Therefor you need to download the zip-file "Example1_simulated_example_data.zip
" from
https://uni-duesseldorf.sciebo.de/s/oHFl3FCArhPhHb5
and copy the content of the unzipped Folder "Example1_simulated_example_data
" (Sim_Pipeline, example1_plasmid_ids_and_pathways.txt, example1_plasmid_read_pool.fastq and example1_plasmid_stats.txt) into your Folder "Example1
". Before continuing the pipeline from step 3. "Ultraplexing:..." you need to open "example1_plasmid_ids_and_pathways.txt
" and change the absolute pathways of the simulated short-read files (contained in the folder "Sim_Pipeline
"), to the the pathways fitting your storage location.
perl simulation_pipeline.pl example1_list_of_plasmids.txt 8500 150
Important: Pathways for pbsim, pbsim qc-model and wgsim need to be replaced in the script "simulation_pipeline.pl" (line 10-12) to fit your installations, before running it.
Important: Please keep these numerical parameters for the example run as they are, since the scripts are still hard-coded at the moment for this mean lengh and coverage.
perl create_pool.pl example1_list_of_plasmids.txt 3 10000000 example1_plasmid
perl UltraPlexer.pl --prefix example1_plasmid --action classify --samples_file example1_plasmid_ids_and_pathways.txt --longReads_FASTQ example1_plasmid_read_pool.fastq
perl UltraPlexer.pl --prefix example1_plasmid --action generateCallFile --samples_file example1_plasmid_ids_and_pathways.txt
perl create_kmer_based_fastq_for_simulations.pl example1_plasmid.classification_k19.called_kmers example1_plasmid_read_pool.fastq example1_plasmid
(examplary for Plasmid1
)
perl parse_calling_tbl.pl example1_plasmid.classification_k19.called_kmers
example1_plasmid.classification_k19.called_kmers Summary Correct_Reads: 1147 False_Reads: 47 Ratio_Correct_Reads: 0.960636515912898
Plasmid1 false: 4 Plasmid1 true: 394
Plasmid2 false: 16 Plasmid2 true: 382
Plasmid3 false: 27 Plasmid3 true: 371
Here you can see, that over 96% of the simulated reads were assigned correctly. The missing <4% are miss-assignments due to sequence homology, or do not really affect hybrid assemblies (as we found out in our experiments).

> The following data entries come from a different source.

Lemma noncrit_mx_ge0 : nonneg_mx noncrit_mx.
Proof. by move=> x y; rewrite mxE; case: ifP. Qed.

Lemma noncrit_mx_le x y : noncrit_mx x y <= A x y.
Proof. by rewrite mxE; case: ifP. Qed.

Lemma walk_weight_noncrit x s : ~~ has critical (x :: s) ->
  walk_weight A x s = walk_weight noncrit_mx x s.
Proof.
elim: s x => [//|y s IH] x /=; rewrite negb_or => /andP [x_nc ys_nc].
by rewrite IH // mxE (negbTE x_nc); case: (critical y) ys_nc.
Qed.

Definition noncrit_cycle_max :=
  \big[Num.max/0]_u \big[Num.max/0]_(d < n) maxpow noncrit_mx d.+1 u u.

Lemma noncrit_short_cycles_le u d : (0 < d <= n)%N ->
  maxpow noncrit_mx d u u <= noncrit_cycle_max.
Proof.
case: d => [//|d] /= d_lt; rewrite (le_trans _ (le_bigmax _ _ u)) //=.
exact: (le_bigmax _ _ (Ordinal d_lt)).
Qed.

Lemma noncrit_cycle_max_lt1 : noncrit_cycle_max < 1.
Proof.
apply: bigmax_lt => // u _; apply: bigmax_lt => // d _.
have le_A := le_maxpow noncrit_mx A d.+1 u u noncrit_mx_ge0 noncrit_mx_le.
have [u_crit|u_nc] := boolP (critical u).
  rewrite maxpowS maxmulE; apply: bigmax_lt => // k _.
  by rewrite mxE u_crit mul0r.
rewrite lt_neqAle (le_trans le_A) ?maxpow_diag_le1 // andbT.
apply: contraNneq u_nc => cycle1; apply/existsP; exists d.
by rewrite eq_le maxpow_diag_le1 //= -cycle1.
Qed.

Section CriticalPart.
Variables a b : 'I_n.

Definition maxpow_via_crit m := \big[Num.max/0]_(c | critical c)
  \big[Num.max/0]_(s < m.+1) (maxpow A s a c * maxpow A (m - s) c b).

Lemma maxpow_via_crit_le m : maxpow_via_crit m <= maxpow A m a b.
Proof.
apply: bigmax_le => [|c _]; first exact: maxpow_nonneg.
apply: bigmax_le => [|s _]; first exact: maxpow_nonneg.
by have := maxpowD_ge A s (m - s) a c b A_ge0; rewrite subnKC // -ltnS.
Qed.

Lemma maxpow_via_crit_shift m : maxpow_via_crit m <= maxpow_via_crit (m + n`!).
Proof.
apply: bigmax_le => [|c c_crit]; first exact: bigmax_ge_id.
apply: bigmax_le => [|s _]; first exact: bigmax_ge_id.
have s_lt : (s + n`! < (m + n`!).+1)%N by rewrite ltnS leq_add2r -ltnS.
apply: (bigmax_sup c) => //; apply: le_trans (le_bigmax _ _ (Ordinal s_lt)) => /=.
rewrite subnDr ler_wpM2r ?maxpow_nonneg //.
by have := maxpowD_ge A s n`! a c c A_ge0; rewrite maxpow_fact_critical // mulr1.
Qed.

Lemma maxpow_le_via_crit m :
  maxpow A m a b <= maxpow_via_crit m + maxpow noncrit_mx m a b.
Proof.
have crit_ge0 : 0 <= maxpow_via_crit m by exact: bigmax_ge_id.
have [->|[s [size_s last_s <-]]] := maxpow_walk A A_ge0 m a b.
  by rewrite addr_ge0 ?maxpow_nonneg.
have [/hasP [c c_s c_crit]|s_nc] := boolP (has critical (a :: s)).
  have [s1 [s2 [s_eq c_eq]]] : exists s1 s2, s = s1 ++ s2 /\ last a s1 = c.
    move: c_s; rewrite inE => /predU1P [->|/splitPr [s1 s2]]; first by exists [::], s.
    by exists (rcons s1 c), s2; rewrite cat_rcons last_rcons.
  have s1_lt : (size s1 < m.+1)%N by rewrite -size_s s_eq size_cat ltnS leq_addr.
  apply: ler_wpDr; first exact: maxpow_nonneg.
  apply: (bigmax_sup c) => //; apply: le_trans (le_bigmax _ _ (Ordinal s1_lt)) => /=.
  rewrite s_eq walk_weight_cat c_eq ler_pM ?walk_weight_ge0 //.
    by rewrite -c_eq walk_weight_le_maxpow.
  have -> : (m - size s1 = size s2)%N by rewrite -size_s s_eq size_cat addKn.
  by rewrite -last_s s_eq last_cat c_eq walk_weight_le_maxpow.
rewrite walk_weight_noncrit // ler_wpDl //.
by have := walk_weight_le_maxpow noncrit_mx noncrit_mx_ge0 a s; rewrite size_s last_s.
Qed.

End CriticalPart.

Lemma maxpow_fact_cvg j a b : cvgn (fun k => maxpow A (k * n`! + j) a b).
Proof.
pose u k := maxpow_via_crit a b (k * n`! + j).
pose w k := maxpow_sup noncrit_mx * noncrit_cycle_max ^+ k.
have u_incr : nondecreasing_seq u.
  apply/nondecreasing_seqP => k; rewrite /u mulSnr addnAC; exact: maxpow_via_crit_shift.
have u_bnd : has_ubound (range u).
  exists (maxpow_sup A) => _ [k _ <-].
  by apply: le_trans (maxpow_via_crit_le _ _ _) _; apply: maxpow_bounded.
have u_cvg := nondecreasing_cvgn u_incr u_bnd.
have gamma_ge0 : 0 <= noncrit_cycle_max by exact: bigmax_ge_id.
have w_cvg : (w @ \oo --> 0)%classic.
  rewrite -(mulr0 (maxpow_sup noncrit_mx)); apply: cvgM; first exact: cvg_cst.
  by apply: cvg_expr; rewrite ger0_norm // noncrit_cycle_max_lt1.
have uw_cvg : ((u + w) @ \oo --> sup (range u))%classic.
  by rewrite -[sup _]addr0; exact: cvgD.
apply/cvg_ex; exists (sup (range u)); apply: (squeeze_cvgr _ u_cvg uw_cvg).
apply: nearW => k; rewrite maxpow_via_crit_le /=.
rewrite (le_trans (maxpow_le_via_crit _ _ _)) //.
rewrite lerD2l maxpow_decay ?(ltW noncrit_cycle_max_lt1) //.
- exact: noncrit_mx_ge0.
- exact: noncrit_short_cycles_le.
- by have := fact_geq n; nia.
Qed.

End CriticalNodes.

Section CommutingFamily.
Context {R : realType} {n N : nat}.
Variable A : 'I_N -> 'M[R]_n.
Hypothesis A_ge0 : forall i, nonneg_mx (A i).
Hypothesis A_comm : forall i k, maxcomm (A i) (A k).
#[local] Hint Resolve A_ge0 : core.

Lemma maxmul_monomial s (c : 'I_N -> nat) x : uniq s -> x \in s ->
  maxmul (A x) (maxprod_seq [seq maxpow (A i) (c i) | i <- s]) =
  maxprod_seq [seq maxpow (A i) (c i + (i == x)) | i <- s].
Proof.
elim: s => [//|k s IH] /= /andP [k_s s_uniq]; rewrite inE.
have [-> _|x_k /= x_s] := eqVneq x k.
  rewrite /= addn1 -maxmulA // -maxpowS; congr (maxmul _ (maxprod_seq _)).
  apply/eq_in_map => i i_s; rewrite (_ : (i == k) = false) ?addn0 //.
  by apply: contraNF k_s => /eqP <-.
rewrite addn0 -IH // -maxmulA //.
have Ax_Akc := maxcomm_maxpowl (A k) (A x) (c k) (A_ge0 k) (A_ge0 x) (A_comm k x).
by rewrite -Ax_Akc maxmulA.
Qed.

Lemma word_mat_count w :
  word_mat A w = maxprod_seq [seq maxpow (A i) (count_mem i w) | i <- enum 'I_N].
Proof.
elim/last_ind: w => [|w x IH].
  by rewrite /word_mat /=; elim: (enum 'I_N) => //= i s <-; rewrite maxmul1mx.
rewrite /word_mat foldl_rcons -/(word_mat A w) IH.
rewrite maxmul_monomial ?enum_uniq ?mem_enum //.
by congr maxprod_seq; apply: eq_map => i; rewrite -cats1 count_cat /= addn0 eq_sym.
Qed.

Lemma maxpow_word_mat w m : maxpow (word_mat A w) m =
  maxprod_seq [seq maxpow (maxpow (A i) m) (count_mem i w) | i <- enum 'I_N].
Proof.
rewrite word_mat_count maxpow_maxprod_seq.
- rewrite -map_comp; congr maxprod_seq; apply: eq_map => i /=.
  by rewrite -!maxpowM // mulnC.
- by move=> _ /mapP [i _ ->].
- by move=> _ _ /mapP [i _ ->] /mapP [k _ ->]; apply: maxcomm_maxpow.
Qed.

End CommutingFamily.

Lemma cvg_bigmax {R : realType} {T : Type} {F : set_system T} {FF : Filter F}
    (I : Type) (r : seq I) (f : I -> T -> R) (L : I -> R) :
  (forall i, f i @ F --> L i)%classic ->
  ((fun x => \big[Num.max/0]_(i <- r) f i x) @ F -->
     \big[Num.max/0]_(i <- r) L i)%classic.
Proof.
move=> fL; elim: r => [|i r IH].
  by rewrite big_nil; under eq_fun do rewrite big_nil; exact: cvg_cst.
rewrite big_cons; under eq_fun do rewrite big_cons.
apply: (continuous2_cvg _ _ (fL i) IH); exact: (@max_continuous _ R (_, _)).
Qed.

Section MatrixLimits.
Context {R : realType} {n : nat}.

Lemma mx_cvg_cst (M : 'M[R]_n) : mx_cvg (fun=> M) M.
Proof. by move=> a b; exact: cvg_cst. Qed.

Lemma mx_cvg_maxmul (u v : nat -> 'M[R]_n) U V : mx_cvg u U -> mx_cvg v V ->
  mx_cvg (fun k => maxmul (u k) (v k)) (maxmul U V).
Proof.
move=> uU vV a b; rewrite maxmulE; under eq_fun do rewrite maxmulE.
by apply: cvg_bigmax => c; apply: cvgM.
Qed.

Lemma mx_cvg_maxpow (u : nat -> 'M[R]_n) U m : mx_cvg u U ->
  mx_cvg (fun k => maxpow (u k) m) (maxpow U m).
Proof.
by move=> uU; elim: m => [|m IH]; [exact: mx_cvg_cst | exact: mx_cvg_maxmul].
Qed.

Lemma mx_cvg_maxprod_seq (I : Type) (s : seq I) (u : I -> nat -> 'M[R]_n) U :
  (forall i, mx_cvg (u i) (U i)) ->
  mx_cvg (fun k => maxprod_seq [seq u i k | i <- s])
         (maxprod_seq [seq U i | i <- s]).
Proof.
by move=> uU; elim: s => [|i s IH]; [exact: mx_cvg_cst | exact: mx_cvg_maxmul].
Qed.

End MatrixLimits.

(examplary for predicted reads for Plasmid1
)
/gpfs/project/dilthey/software/Unicycler/unicycler-runner.py --spades_path /software/SPAdes/3.11.1/ivybridge/bin/spades.py --racon_path /gpfs/project/dilthey/software/racon/bin/racon --pilon_path /software/pilon/1.22/pilon-1.22.jar -t 2 -1 Sim_Pipeline/Plasmid1_l8500_c150/Plasmid1_l8500_c150-filtered_R1.fastq -2 Sim_Pipeline/Plasmid1_l8500_c150/Plasmid1_l8500_c150-filtered_R2.fastq -l example1_plasmid-Plasmid1-predicted_reads.fastq -o example1_plasmid-Plasmid1-predicted_reads_unicycler
Important: Pathways for unicycler, spades, racon and pilon need to be replaced to fit your installations.
(examplary for Plasmid1
)
1.
nucmer -p Plasmid1 example1_plasmid-Plasmid1-predicted_reads_unicycler/assembly.fasta example1_plasmid-Plasmid1-true_reads_unicycler/assembly.fasta
2.
mummerplot2 Plasmid1.delta --png -p Plasmid1
1.
1.
If you take a look at the produced graphics, you will see, that the assemblies of the predicted reads align perfectly to the assemblies of the true reads.